[Stored items]
::::::::

Lemma dotpC u v : dotp u v = dotp v u.
Proof. by rewrite !dotpE; apply: eq_bigr => j _; rewrite mulrC. Qed.

Lemma dotpDl u v w : dotp (u + v) w = dotp u w + dotp v w.
Proof. by rewrite !dotpE -big_split; apply: eq_bigr => j _; rewrite mxE mulrDl. Qed.

Lemma dotpNl u v : dotp (- u) v = - dotp u v.
Proof. by rewrite !dotpE -sumrN; apply: eq_bigr => j _; rewrite mxE mulNr. Qed.

Lemma dotpZl a u v : dotp (a *: u) v = a * dotp u v.
Proof. by rewrite !dotpE mulr_sumr; apply: eq_bigr => j _; rewrite mxE mulrA. Qed.

Lemma dotpDr u v w : dotp u (v + w) = dotp u v + dotp u w.
Proof. by rewrite dotpC dotpDl !(dotpC _ u). Qed.

Lemma dotpNr u v : dotp u (- v) = - dotp u v.
Proof. by rewrite dotpC dotpNl dotpC. Qed.

Lemma dotpZr a u v : dotp u (a *: v) = a * dotp u v.
Proof. by rewrite dotpC dotpZl dotpC. Qed.

Lemma dotpBr u v w : dotp u (v - w) = dotp u v - dotp u w.
Proof. by rewrite dotpDr dotpNr. Qed.

Lemma dotp_mul_trmx m u (p : 'rV[R]_m) (M : 'M[R]_(n, m)) :
  dotp u (p *m M^T) = dotp (u *m M) p.
Proof. by rewrite /dotp trmx_mul trmxK mulmxA. Qed.

Lemma dotp_grad (f : 'rV[R]_n -> R) x v : dotp v (grad f x) = 'd f x v.
Proof.
rewrite dotpE {2}(row_sum_delta v) linear_sum; apply: eq_bigr => j _.
by rewrite linearZ /= mxE.
Qed.

Lemma dotp_variational_pair_le {a a' X X' : 'rV[R]_n} :
  0 <= dotp (a' - a) X -> 0 <= dotp (a - a') X' -> dotp (a - a') (X - X') <= 0.
Proof. by rewrite dotpBr -opprB dotpNl; lra. Qed.

Lemma dotp_continuous u : continuous (dotp u).
Proof.
have -> : dotp u = fun v => \sum_j u 0 j * v 0 j.
  by apply/funext => v; rewrite dotpE.
apply: continuous_big => [|j _ v]; first exact: add_continuous.
exact: cvgMl_tmp (@coord_continuous R 1 n 0 j v).
Qed.

End DotProduct.

Section Simplex.
Context {R : realType} {n : nat}.

Lemma simplex_le1 (p : 'rV[R]_n) j : simplex R n p -> p 0 j <= 1.
Proof.
by move=> [p0 <-]; rewrite (bigD1 j) //= lerDl sumr_ge0 // => i _; exact: p0.
Qed.

Lemma dotp_simplex_le (v : 'rV[R]_n) {p} : simplex R n p ->
  `|dotp v p| <= \sum_j `|v 0 j|.
Proof.
move=> Sp; have [p0 _] := Sp.
rewrite dotpE; apply: le_trans (ler_norm_sum _ _ _) _.
apply: ler_sum => j _; rewrite normrM (ger0_norm (p0 j)).
by rewrite ler_piMr // simplex_le1.
Qed.

Lemma simplex_segment {x y : 'rV[R]_n} t : simplex R n x -> simplex R n y ->
  0 <= t <= 1 -> simplex R n (t *: (y - x) + x).
Proof.
move=> [x0 x1] [y0 y1] /andP[t0 t1]; split.
  by move=> j; rewrite !mxE; have := x0 j; have := y0 j => ? ?; nra.
rewrite (eq_bigr (fun j => t * y 0 j + (1 - t) * x 0 j)); last first.
  by move=> j _; rewrite !mxE; lra.
by rewrite big_split /= -!mulr_sumr x1 y1; lra.
Qed.

Lemma simplex_closed : closed (simplex R n).
Proof.
have sum_cont : continuous (fun x : 'rV[R]_n => \sum_j x 0 j).
  apply: continuous_big => [|j _]; first exact: add_continuous.
  exact: coord_continuous.
have -> : simplex R n = \bigcap_j ((fun x => x 0 j) @^-1` [set y | 0 <= y])
                        `&` (fun x => \sum_j x 0 j) @^-1` [set 1].
  by apply/seteqP; split => x [x0 x1]; split => // j; [move=> _|]; exact: x0.
apply: closedI.
  apply: closed_bigI => j _; apply: preimage_closed; last exact: closed_ge.
  by move=> x _; exact: coord_continuous.
by apply: preimage_closed; [move=> x _; exact: sum_cont | exact: closed_eq].
Qed.

Lemma simplex_compact : compact (simplex R n).
Proof.
apply: subclosed_compact simplex_closed
  (rV_compact (fun=> @segment_compact R 0 1)) _.
move=> v Sv j /=; have [v0 _] := Sv.
by rewrite in_itv /= v0 simplex_le1.
Qed.

End Simplex.

Section Analysis.
Context {R : realType}.

Lemma compact_nested_cluster {T : topologicalType} {S : set T}
    {K : R -> set T} :
  compact S -> (forall e, 0 < e -> K e !=set0) ->
  (forall a b, a <= b -> K a `<=` K b) -> (forall e, K e `<=` S) ->
  exists2 p, S p & forall e, 0 < e -> closure (K e) p.
Proof.
move=> cS K0 Kmono KS.
pose F := filter_from [set e : R | 0 < e] K.
have FF : ProperFilter F.
  apply: filter_from_proper; last by move=> e /K0.
  apply: filter_from_filter.
    by exists 1; rewrite /= ltr01.
  move=> a b a0 b0; exists (Order.min a b); first by rewrite /= lt_min a0 b0.
  by move=> p Kp; split; apply: Kmono Kp; rewrite ge_min lexx ?orbT.
have [p [Sp clp]] := cS F FF (ex_intro2 _ _ 1 ltr01 (KS 1)).
by exists p => // e e0 B pB; apply: clp pB; exists e.
Qed.

Lemma le_of_closure {T : topologicalType} {f : T -> R} {K : R -> set T} {c p} :
  {for p, continuous f} -> (forall e, 0 < e -> closure (K e) p) ->
  (forall e x, 0 < e -> K e x -> f x <= c + e) -> f p <= c.
Proof.
move=> fp clp Kle; apply/ler_addgt0Pr => e e0.
have e2 : 0 < e / 2 by rewrite divr_gt0.
have [x [Kx]] := clp _ e2 _ (proj1 (cvgrPdist_lt _ _) fp _ e2).
by have := Kle _ _ e2 Kx; rewrite /= ltr_norml => ? /andP[? ?]; lra.
Qed.

Lemma cvg_right_diff_quotient {V : normedModType R} {f : V -> R} {a} v :
  differentiable f a ->
  (fun h : R => h^-1 * (f (h *: v + a) - f a)) @ 0^'+ --> 'd f a v.
Proof.
move=> df; rewrite -deriveE //; apply: cvg_dnbhs_at_right.
exact: diff_derivable.
Qed.

Lemma differentiable_partial_fst {X Y Z : normedModType R} (D : X * Y -> Z) p q :
  differentiable D (p, q) -> differentiable (fun y => D (y, q)) p.
Proof.
by move=> dD; apply: (differentiable_comp (f := fun y => (y, q))).
Qed.

Lemma differentiable_partial_fst_on {X Y Z : normedModType R} {D : X * Y -> Z}
    {A : set X} {B : set Y} {U : set (X * Y)} :
  A `*` B `<=` U -> (forall x, U x -> differentiable D x) ->
  forall q, B q -> forall p, A p -> differentiable (fun y => D (y, q)) p.
Proof. by move=> ABU dD q Bq p Ap; apply/differentiable_partial_fst/dD/ABU. Qed.

End Analysis.

Section AdversaryResponse.
Context {R : realType} {n m : nat}.
Variables (Rm : 'M[R]_(n, m)) (phi : 'rV[R]_m -> R).
Hypothesis phi_diff : forall p, simplex R m p -> differentiable phi p.
Hypothesis simplex_neq0 : simplex R m !=set0.

(* With [phi := D (., q)], [fobj Rm D eps nu x q = adv_value x + eps * nu x]. *)
Definition adv_payoff (x : 'rV[R]_n) (p : 'rV[R]_m) : R :=
  - dotp (x *m Rm) p - phi p.

Definition adv_value (x : 'rV[R]_n) : R :=
  sup [set adv_payoff x p | p in simplex R m].

Lemma adv_payoff_continuous x {p} : simplex R m p ->
  {for p, continuous (adv_payoff x)}.
Proof.
move=> Sp; apply: (@cvgB _ _ _ (nbhs p) (nbhs_filter p)
  (fun y => - dotp (x *m Rm) y) phi).
  apply: (@cvgN _ _ _ (nbhs p) (nbhs_filter p) (fun y => dotp (x *m Rm) y)).
  exact: dotp_continuous.
by have := differentiable_continuous (phi_diff _ Sp).
Qed.

Lemma adv_value_has_sup x : has_sup [set adv_payoff x p | p in simplex R m].
Proof.
split; first by have [q Sq] := simplex_neq0; exists (adv_payoff x q), q.
have cont : {within simplex R m, continuous (adv_payoff x)}.
  by apply: continuous_in_subspaceT => p /[1!inE] /adv_payoff_continuous; exact.
have [B [_ HB]] := compact_bounded (continuous_compact cont simplex_compact).
exists (B + 1) => y Sy; apply: le_trans (ler_norm y) _.
by apply: HB Sy; rewrite ltrDl.
Qed.

Lemma adv_payoff_le_value x {p} : simplex R m p -> adv_payoff x p <= adv_value x.
Proof. by move=> Sp; apply: sup_upper_bound (adv_value_has_sup x) _ _; exists p. Qed.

::::::::

[PROBLEM DESCRIPTION]
Using the entries above, repeat only the lines from the one containing "Lemma dotp_continuous u" through the one containing "(rV_compact (fun=> @segment_compact", end lines included.

[YOUR SOLUTION]
Lemma dotp_continuous u : continuous (dotp u).
Proof.
have -> : dotp u = fun v => \sum_j u 0 j * v 0 j.
  by apply/funext => v; rewrite dotpE.
apply: continuous_big => [|j _ v]; first exact: add_continuous.
exact: cvgMl_tmp (@coord_continuous R 1 n 0 j v).
Qed.

End DotProduct.

Section Simplex.
Context {R : realType} {n : nat}.

Lemma simplex_le1 (p : 'rV[R]_n) j : simplex R n p -> p 0 j <= 1.
Proof.
by move=> [p0 <-]; rewrite (bigD1 j) //= lerDl sumr_ge0 // => i _; exact: p0.
Qed.

Lemma dotp_simplex_le (v : 'rV[R]_n) {p} : simplex R n p ->
  `|dotp v p| <= \sum_j `|v 0 j|.
Proof.
move=> Sp; have [p0 _] := Sp.
rewrite dotpE; apply: le_trans (ler_norm_sum _ _ _) _.
apply: ler_sum => j _; rewrite normrM (ger0_norm (p0 j)).
by rewrite ler_piMr // simplex_le1.
Qed.

Lemma simplex_segment {x y : 'rV[R]_n} t : simplex R n x -> simplex R n y ->
  0 <= t <= 1 -> simplex R n (t *: (y - x) + x).
Proof.
move=> [x0 x1] [y0 y1] /andP[t0 t1]; split.
  by move=> j; rewrite !mxE; have := x0 j; have := y0 j => ? ?; nra.
rewrite (eq_bigr (fun j => t * y 0 j + (1 - t) * x 0 j)); last first.
  by move=> j _; rewrite !mxE; lra.
by rewrite big_split /= -!mulr_sumr x1 y1; lra.
Qed.

Lemma simplex_closed : closed (simplex R n).
Proof.
have sum_cont : continuous (fun x : 'rV[R]_n => \sum_j x 0 j).
  apply: continuous_big => [|j _]; first exact: add_continuous.
  exact: coord_continuous.
have -> : simplex R n = \bigcap_j ((fun x => x 0 j) @^-1` [set y | 0 <= y])
                        `&` (fun x => \sum_j x 0 j) @^-1` [set 1].
  by apply/seteqP; split => x [x0 x1]; split => // j; [move=> _|]; exact: x0.
apply: closedI.
  apply: closed_bigI => j _; apply: preimage_closed; last exact: closed_ge.
  by move=> x _; exact: coord_continuous.
by apply: preimage_closed; [move=> x _; exact: sum_cont | exact: closed_eq].
Qed.

Lemma simplex_compact : compact (simplex R n).
Proof.
apply: subclosed_compact simplex_closed
  (rV_compact (fun=> @segment_compact R 0 1)) _.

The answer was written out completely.